– Я должен идти, – сказал он.
Она подняла взгляд от его рук с выражением, выдавшим, что, хотя это явление из ряда вон, она не удивлена. Женщина улыбнулась.
– Я не могу, – ответила она. – Я не могу тебя отпустить.
Она погасила свет и сделала то, чего еще ни разу не делала: сама опустилась на пол и положила Хокану голову на колени, прямо как раньше просила его, затем взяла его вялую ухоженную руку и гладила себя по волосам, словно играла с тряпичной куклой.
После всех этих событий жизнь вновь пошла своим чередом. Хоть и непривычный к насилию, Хокан ломал голову над планом побега с помощью тупого ножа, выдававшегося для еды. Уверенности придавали его собственные габариты, пугавшие многих тюремщиков. Однако несколько дней спустя произошло то, что избавило Хокана от воплощения непродуманных замыслов.

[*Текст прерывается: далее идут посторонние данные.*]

(* Let $\Gamma$ be a free group on two generators $\xi,\eta$ and let $k\ge 2$. Let $\Psi^k$ be the set of reduced words of length exactly $k$. Call a pair $(\gamma,\psi)$ a group-theoretical relation of level $k$ if $\gamma\in\Gamma\setminus\{1\}$ has reduced length $|\gamma|\le k$, $\psi\in\Psi^k$, and the reduced length of the product satisfies $|\gamma\psi|\le k$. Then the number of group-theoretical relations of level $k$ equals $R_k=4\cdot r_k\cdot 3^{k-1}$, where $$r_k=1+\sum_{i=1}^{k-1}\Bigl(1+2\sum_{j=1}^{\min\{i,k-i\}}3^{j-1}\Bigr),$$ and equivalently $r_k=\sum_{j=0}^{k}a_j$ with $a_0=a_1=1$, $a_j=1+2\sum_{i=1}^{\lfloor j/2\rfloor}3^{i-1}$ for $2\le j\le k-1$, and $a_k=2\sum_{i=1}^{\lfloor k/2\rfloor}3^{i-1}$.
   Context: $|w|$ denotes the length of the reduced word representing $w$ in the free basis $\{\xi,\eta\}$. (For example, for $k=2$ there are $48$ such relations.) *)

From mathcomp Require Import all_boot.
Set Implicit Arguments. Unset Strict Implicit. Unset Printing Implicit Defensive.

(* Letters of the free group on two generators xi, eta:
   (false,false) = xi, (false,true) = xi^-1, (true,false) = eta, (true,true) = eta^-1. *)
Definition letter := (bool * bool)%type.
Definition linv (x : letter) : letter := (x.1, ~~ x.2).

Fixpoint reduced (w : seq letter) : bool :=
  match w with
  | x :: ((y :: _) as t) => (y != linv x) && reduced t
  | _ => true
  end.

Definition fred (w : seq letter) : seq letter :=
  foldr (fun x acc => match acc with
                      | y :: t => if y == linv x then t else x :: acc
                      | [::] => [:: x]
                      end) [::] w.

Definition gmul (g p : seq letter) : seq letter := fred (g ++ p).

Definition is_rel (k : nat) (g p : seq letter) : bool :=
  [&& reduced g, g != [::], size g <= k,
      reduced p, size p == k & size (gmul g p) <= k].

(* Number of relations of level k; gamma ranges over words of length l, 1 <= l <= k,
   psi over words of length k (tuples make the sets finite). *)
Definition num_rel (k : nat) : nat :=
  \sum_(1 <= l < k.+1)
     #|[set gp : l.-tuple letter * k.-tuple letter | is_rel k (tval gp.1) (tval gp.2)]|.

Definition r_k (k : nat) : nat :=
  1 + \sum_(1 <= i < k) (1 + 2 * \sum_(1 <= j < (minn i (k - i)).+1) 3 ^ (j - 1)).

Definition a_j (k j : nat) : nat :=
  if j <= 1 then 1
  else if j < k then 1 + 2 * \sum_(1 <= i < (j./2).+1) 3 ^ (i - 1)
  else 2 * \sum_(1 <= i < (k./2).+1) 3 ^ (i - 1).

From mathcomp Require Import all_boot zify.
Set Implicit Arguments. Unset Strict Implicit.

(* Write gamma = rev u and psi = q^-1 with u, q reduced of lengths l and k.  The
   product gamma psi cancels exactly along the longest common prefix of u and q, so
   |gamma psi| = l + k - 2 lcp(u, q), and (gamma, psi) is a relation iff
   lcp(u, q) >= ceil(l/2).  Pairs of reduced words of lengths l, k sharing a prefix of
   length m >= 1 number 4 * 3^(l+k-m-1), which gives 4 * 3^(k-1) * 3^floor(l/2)
   relations with |gamma| = l.  Both descriptions of r_k evaluate to
   sum_{l=1}^k 3^floor(l/2): each a_j is 3^floor(j/2) by the geometric series, and
   r_k satisfies the same recurrence x(k+2) = 3 x(k) + 4. *)

Fixpoint lcp (T : eqType) (s t : seq T) : nat :=
  match s, t with
  | x :: s', y :: t' => if x == y then (lcp s' t').+1 else 0
  | _, _ => 0
  end.

Definition head_in (A : {pred letter}) (s : seq letter) : bool :=
  if s is x :: _ then x \in A else true.

Lemma linvK : involutive linv.
Proof. by case=> a b; rewrite /linv /= negbK. Qed.

Lemma eq_linv_sym (x y : letter) : (y == linv x) = (x == linv y).
Proof. by apply/eqP/eqP => ->; rewrite linvK. Qed.

Lemma reduced_cons x s : reduced (x :: s) = head_in (predC1 (linv x)) s && reduced s.
Proof. by case: s. Qed.

Lemma reduced_sorted s : reduced s = sorted (fun x y => y != linv x) s.
Proof. by elim: s => // x [|y s] //= ->. Qed.

Lemma reduced_rev s : reduced (rev s) = reduced s.
Proof.
rewrite !reduced_sorted rev_sorted; case: s => //= x s.
by apply: eq_path => a b; rewrite eq_linv_sym.
Qed.

Lemma reduced_map_linv s : reduced (map linv s) = reduced s.
Proof. by elim: s => // x [|y s] //= ->; rewrite (inj_eq (can_inj linvK)). Qed.

Lemma head_in_predT s : head_in predT s.
Proof. by case: s. Qed.

Lemma head_in_lcp (A : {pred letter}) s t :
  0 < lcp s t -> head_in A s = head_in A t.
Proof. by case: s t => [|x s] [|y t] //=; case: eqP => // ->. Qed.

Definition fred_step (x : letter) (acc : seq letter) : seq letter :=
  if acc is y :: t then (if y == linv x then t else x :: acc) else [:: x].

Lemma fred_reduced s : reduced s -> fred s = s.
Proof.
elim: s => // x s IH; rewrite reduced_cons => /andP[hx hs].
rewrite /fred /= -/(fred s) IH //.
by case: s hx {IH hs} => //= y t; rewrite inE => /negbTE ->.
Qed.

Lemma fred_cat s t : reduced t -> fred (s ++ t) = foldr fred_step t s.
Proof. by move=> ht; rewrite /fred foldr_cat -/(fred t) fred_reduced. Qed.

Lemma size_foldr_fred_step u q : reduced u -> reduced q ->
  size (foldr fred_step (map linv q) (rev u)) + 2 * lcp u q = size u + size q.
Proof.
elim: u q => [|x u IH] q; first by rewrite /= size_map addn0.
rewrite reduced_cons => /andP[hxu hu] hq; rewrite rev_cons foldr_rcons.
have lcp_u0 t : lcp u (linv x :: t) = 0.
  by case: u hxu {IH hu} => //= y u; rewrite inE => /negbTE ->.
case: q hq => [|y t] hq /=.
  by have := IH [:: linv x] hu isT; rewrite lcp_u0 /= linvK; lia.
rewrite (inj_eq (can_inj linvK)) eq_sym.
case: eqP => [_|/eqP hxy].
  by move: hq; rewrite reduced_cons => /andP[_ /(IH t hu)]; lia.
have hq' : reduced (linv x :: y :: t) by rewrite /= linvK eq_sym hxy.
by have := IH _ hu hq'; rewrite lcp_u0 /= linvK; lia.
Qed.

Lemma size_gmul_rev_linv u q : reduced u -> reduced q ->
  size (gmul (rev u) (map linv q)) + 2 * lcp u q = size u + size q.
Proof.
move=> hu hq; rewrite /gmul fred_cat ?reduced_map_linv //.
exact: size_foldr_fred_step.
Qed.

Section TupleSums.

Variables (R : Type) (idx : R) (op : Monoid.com_law idx) (T : finType).

Lemma big_tuple0 (F : seq T -> R) : \big[op/idx]_(t : 0.-tuple T) F t = F [::].
Proof. by rewrite (big_pred1 [tuple]) // => t; apply/esym/eqP; exact: tuple0. Qed.

Lemma big_tupleS n (F : seq T -> R) :
  \big[op/idx]_(t : n.+1.-tuple T) F t =
  \big[op/idx]_(x : T) \big[op/idx]_(t : n.-tuple T) F (x :: t).
Proof.
rewrite pair_bigA (reindex (fun p : T * n.-tuple T => [tuple of p.1 :: p.2])) /=.
  by apply: eq_bigr => -[x t].
exists (fun t : n.+1.-tuple T => (thead t, [tuple of behead t])) => [[x t] _|t _].
  by congr pair; apply: val_inj.
by rewrite [t]tuple_eta; apply: val_inj.
Qed.

End TupleSums.

Lemma card_letter : #|{: letter}| = 4.
Proof. by rewrite card_prod card_bool. Qed.

Lemma card_predC1_letter (z : letter) : #|predC1 z| = 3.
Proof. by rewrite cardC1 card_letter. Qed.

Lemma sum_head_in_reduced n (z : letter) :
  \sum_(u : n.-tuple letter) (head_in (predC1 z) u && reduced u) = 3 ^ n.
Proof.
elim: n z => [|n IH] z; set F := fun s => nat_of_bool (head_in (predC1 z) s && reduced s).
  by rewrite (big_tuple0 _ F).
rewrite (big_tupleS _ _ F) expnS -{1}(card_predC1_letter z) -sum1_card big_distrl /=.
rewrite [RHS]big_mkcond /=; apply: eq_bigr => x _; rewrite -(IH (linv x)).
by case: ifP => hx; rewrite ?mul1n ?mul0n; [apply: eq_bigr|apply: big1] => u _;
  rewrite /F reduced_cons /= ?hx.
Qed.

Lemma sum_common_head l k m (F : seq letter -> seq letter -> bool) :
  \sum_(u : l.+1.-tuple letter) \sum_(q : k.+1.-tuple letter) (F u q && (m < lcp u q)) =
  \sum_(x : letter) \sum_(u : l.-tuple letter) \sum_(q : k.-tuple letter)
    (F (x :: u) (x :: q) && (m <= lcp u q)).
Proof.
pose G u q := nat_of_bool (F u q && (m < lcp u q)).
rewrite (big_tupleS _ _ (fun u => \sum_(q : k.+1.-tuple letter) G u q)).
apply: eq_bigr => x _.
under eq_bigr do rewrite (big_tupleS _ _ (G _)).
rewrite exchange_big (bigD1 x) //= [X in _ + X]big1 ?addn0 => [|y hyx].
  by apply: eq_bigr => u _; apply: eq_bigr => q _; rewrite /G /= eqxx.
by apply: big1 => u _; apply: big1 => q _; rewrite /G /= eq_sym (negbTE hyx) andbF.
Qed.

Lemma sum_common_prefix (A : {pred letter}) m l k : 0 < m -> m <= l -> m <= k ->
  \sum_(u : l.-tuple letter) \sum_(q : k.-tuple letter)
     ([&& head_in A u, reduced u & reduced q] && (m <= lcp u q)) =
  #|A| * 3 ^ (l + k - m).-1.
Proof.
elim: m A l k => [//|m IH] A [//|l] [//|k] _ hl hk.
rewrite (sum_common_head _ _ _ (fun u q => [&& head_in A u, reduced u & reduced q])).
have tails x : \sum_(u : l.-tuple letter) \sum_(q : k.-tuple letter)
    ([&& head_in (predC1 (linv x)) u, reduced u, head_in (predC1 (linv x)) q & reduced q]
     && (m <= lcp u q)) = 3 ^ (l + k - m).
  case: m IH hl hk => [|m] IH hl hk.
    rewrite subn0 expnD -!(sum_head_in_reduced _ (linv x)) big_distrl /=.
    apply: eq_bigr => u _; rewrite big_distrr /=; apply: eq_bigr => q _.
    by rewrite mulnb andbT andbA.
  have -> : 3 ^ (l + k - m.+1) = 3 * 3 ^ (l + k - m.+1).-1.
    by rewrite -expnS; congr (_ ^ _); lia.
  rewrite -{1}(card_predC1_letter (linv x)) -IH //.
  apply: eq_bigr => u _; apply: eq_bigr => q _.
  case: (ltnP m (lcp u q)) => hm; rewrite ?andbF //.
  rewrite -(head_in_lcp _ (leq_ltn_trans (leq0n m) hm)).
  by case: (head_in _ u); case: (reduced u).
rewrite -sum_nat_const [RHS]big_mkcond; apply: eq_bigr => x _.
have -> : (l.+1 + k.+1 - m.+1).-1 = l + k - m by lia.
rewrite -(tails x); case: ifP => hx.
  apply: eq_bigr => u _; apply: eq_bigr => q _.
  by rewrite !reduced_cons [head_in A _]/= hx !andbA.
by apply: big1 => u _; apply: big1 => q _; rewrite /= hx.
Qed.

Lemma is_rel_rev_map_linv k u q : 0 < size u <= k -> size q = k ->
  is_rel k (rev u) (map linv q) = [&& reduced u, reduced q & uphalf (size u) <= lcp u q].
Proof.
move=> /andP[hu0 huk] hq; rewrite /is_rel reduced_rev reduced_map_linv size_rev size_map hq.
rewrite -size_eq0 size_rev -lt0n hu0 huk eqxx /=.
case hu: (reduced u) => //; case hq': (reduced q) => //=.
have := size_gmul_rev_linv hu hq'; rewrite hq leq_uphalf_double -addnn; lia.
Qed.

Lemma rev_tuple_inj n (T : Type) : injective (@rev_tuple n T).
Proof. by move=> s t /(congr1 (rev \o val)) /=; rewrite !revK; apply: val_inj. Qed.

Lemma map_linv_tuple_inj n : injective (@map_tuple n _ _ linv).
Proof.
by move=> s t /(congr1 (map linv \o val)) /=; rewrite !(mapK linvK); apply: val_inj.
Qed.

Lemma card_rel_of_size l k : 0 < l <= k ->
  #|[set gp : l.-tuple letter * k.-tuple letter | is_rel k gp.1 gp.2]| =
  4 * 3 ^ (k.-1 + l./2).
Proof.
move=> /andP[hl hlk]; rewrite -sum1_card big_mkcond /=.
pose rel (g : l.-tuple letter) (p : k.-tuple letter) := nat_of_bool (is_rel k g p).
rewrite (eq_bigr (fun gp => rel gp.1 gp.2)) => [|gp _]; last by rewrite inE.
rewrite -(pair_bigA _ rel) /=.
rewrite (reindex_inj (@rev_tuple_inj l letter)) /=.
under eq_bigr do rewrite (reindex_inj (@map_linv_tuple_inj k)) /=.
have hm0 : 0 < uphalf l by rewrite uphalf_gt0.
have hm : uphalf l <= l by rewrite leq_uphalf_double -addnn leq_addr.
have -> : k.-1 + l./2 = (l + k - uphalf l).-1.
  by have := odd_double_half l; rewrite uphalf_half; lia.
rewrite -card_letter -(sum_common_prefix predT hm0 hm (leq_trans hm hlk)).
apply: eq_bigr => u _; apply: eq_bigr => q _.
rewrite /rel is_rel_rev_map_linv ?size_map ?size_tuple ?hl ?hlk //.
by rewrite head_in_predT !andbA.
Qed.

Lemma num_rel_half_sum k : num_rel k = 4 * 3 ^ k.-1 * \sum_(1 <= l < k.+1) 3 ^ l./2.
Proof.
rewrite /num_rel big_distrr /=; apply: eq_big_nat => l hl.
by rewrite card_rel_of_size // expnD mulnA.
Qed.

Lemma geom_sum3 n : 1 + 2 * \sum_(1 <= i < n.+1) 3 ^ (i - 1) = 3 ^ n.
Proof.
elim: n => [|n IH]; first by rewrite big_geq.
rewrite big_nat_recr //= expnS subn1 /= -IH.
by move: (\sum_(_ <= _ < _) _) => S; lia.
Qed.

Lemma sum_pow3_min_rec k :
  \sum_(1 <= i < k.+3) 3 ^ minn i (k.+3 - i) =
  3 * \sum_(1 <= i < k.+1) 3 ^ minn i (k.+1 - i) + 6.
Proof.
rewrite big_ltn // big_add1 /= big_nat_recr //= big_distrr /= subSnn.
rewrite (eq_big_nat _ _ (F2 := fun i => 3 * 3 ^ minn i (k.+1 - i))) => [|i hi].
  by rewrite [minn 1 _]/minn [minn _ 1]/minn /=; lia.
by rewrite -expnS; congr (_ ^ _); lia.
Qed.

Lemma sum_pow3_half_rec k :
  \sum_(1 <= l < k.+3) 3 ^ l./2 = 3 * \sum_(1 <= l < k.+1) 3 ^ l./2 + 4.
Proof.
rewrite big_ltn // (big_addn 0 _ 2) subn2 big_distrr /= [in LHS]big_ltn //=.
under eq_bigr => l _ do rewrite addn2 /= expnS.
lia.
Qed.

Lemma one_add_sum_pow3_min k : 0 < k ->
  1 + \sum_(1 <= i < k) 3 ^ minn i (k - i) = \sum_(1 <= l < k.+1) 3 ^ l./2.
Proof.
elim/ltn_ind: k => -[|[|[|k]]] IH // _; try by rewrite unlock.
by rewrite sum_pow3_min_rec sum_pow3_half_rec -(IH k.+1) //; lia.
Qed.

Lemma r_k_half_sum k : 0 < k -> r_k k = \sum_(1 <= l < k.+1) 3 ^ l./2.
Proof.
move=> hk; rewrite /r_k -one_add_sum_pow3_min //; congr (1 + _).
by apply: eq_bigr => i _; rewrite geom_sum3.
Qed.

Lemma sum_a_j k : 2 <= k -> \sum_(0 <= j < k.+1) a_j k j = \sum_(1 <= l < k.+1) 3 ^ l./2.
Proof.
move=> hk; rewrite big_ltn // big_nat_recr ?(ltnW hk) // [RHS]big_nat_recr ?(ltnW hk) //=.
rewrite (eq_big_nat _ _ (F2 := fun l => 3 ^ l./2)) => [|j /andP[hj1 hjk]].
  rewrite /a_j ltnn (leqNgt k 1) hk /=.
  by have := geom_sum3 k./2; move: (\sum_(_ <= _ < _) _) => S; lia.
rewrite /a_j hjk; case: leqP => hj; first by have -> : j = 1 by lia.
by rewrite geom_sum3.
Qed.

Theorem lemma2p2 (k : nat) (hk : 2 <= k) :
  num_rel k = 4 * r_k k * 3 ^ (k - 1) /\ r_k k = \sum_(0 <= j < k.+1) a_j k j.
Proof.
have hk0 : 0 < k by apply: ltnW.
rewrite num_rel_half_sum sum_a_j // r_k_half_sum // subn1.
by split; first rewrite mulnAC.
Qed.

Был тихий час между закрытием бара и временем, когда два охранника водили его к женщине, когда Хокан услышал, как кто-то украдкой сдвинул засов его двери. Уже эта осторожная медлительность была необычна, но еще примечательнее то, что он не слышал перед этим, как обычно, грохот двух пар сапог на лестнице. Всю ночь в Клэнгстоне свистел ветер, и теперь окна и стены тряслись и скрипели под его нарастающим натиском. Засов замедлился – очевидно, чтобы не щелкнуть в конце пути. Тишина. Хокан взял книгу – чтобы держаться хоть за что-то твердое.
Дверь открылась, а стоял за ней израненный, исцарапанный и все еще нагой толстяк. Его левая скула распухла и сомкнулась с воспаленной бровью, пряча глаз в пышно-пурпурной коже. Порезы, ожоги и синяки по всему телу, ноги изуродованы раскаленной пустыней. Он уставился на Хокана единственным глазом и улыбнулся, обнажив недавно обломанные зубы. Затем, приложив указательный палец к растресканным губам, отошел от двери и показал на лестницу.
– Иди, – шепнул он.
Хокан недоуменно уставился в ответ.
– Иди, – повторил он. – Иди живо. Иди. Быстро.
Хокан забрал ботинки, прошел мимо толстяка, чья злорадная улыбка переросла в безобразный немой смех, спустился на цыпочках по ступенькам, прошел через бар и за дверь, помешкав на пороге, и, как только ступил на равнину, побежал.
Рассвет был лишь догадкой, верной, но еще не воплотившейся, и Хокан бежал ему навстречу, приковав взгляд к далекой точке, которая, не сомневался он, скоро покраснеет, указав ему прямую дорогу к брату. Крепкий ветер в спину – добрый знак: ободряющая рука, толкающая вперед и при этом заметающая следы.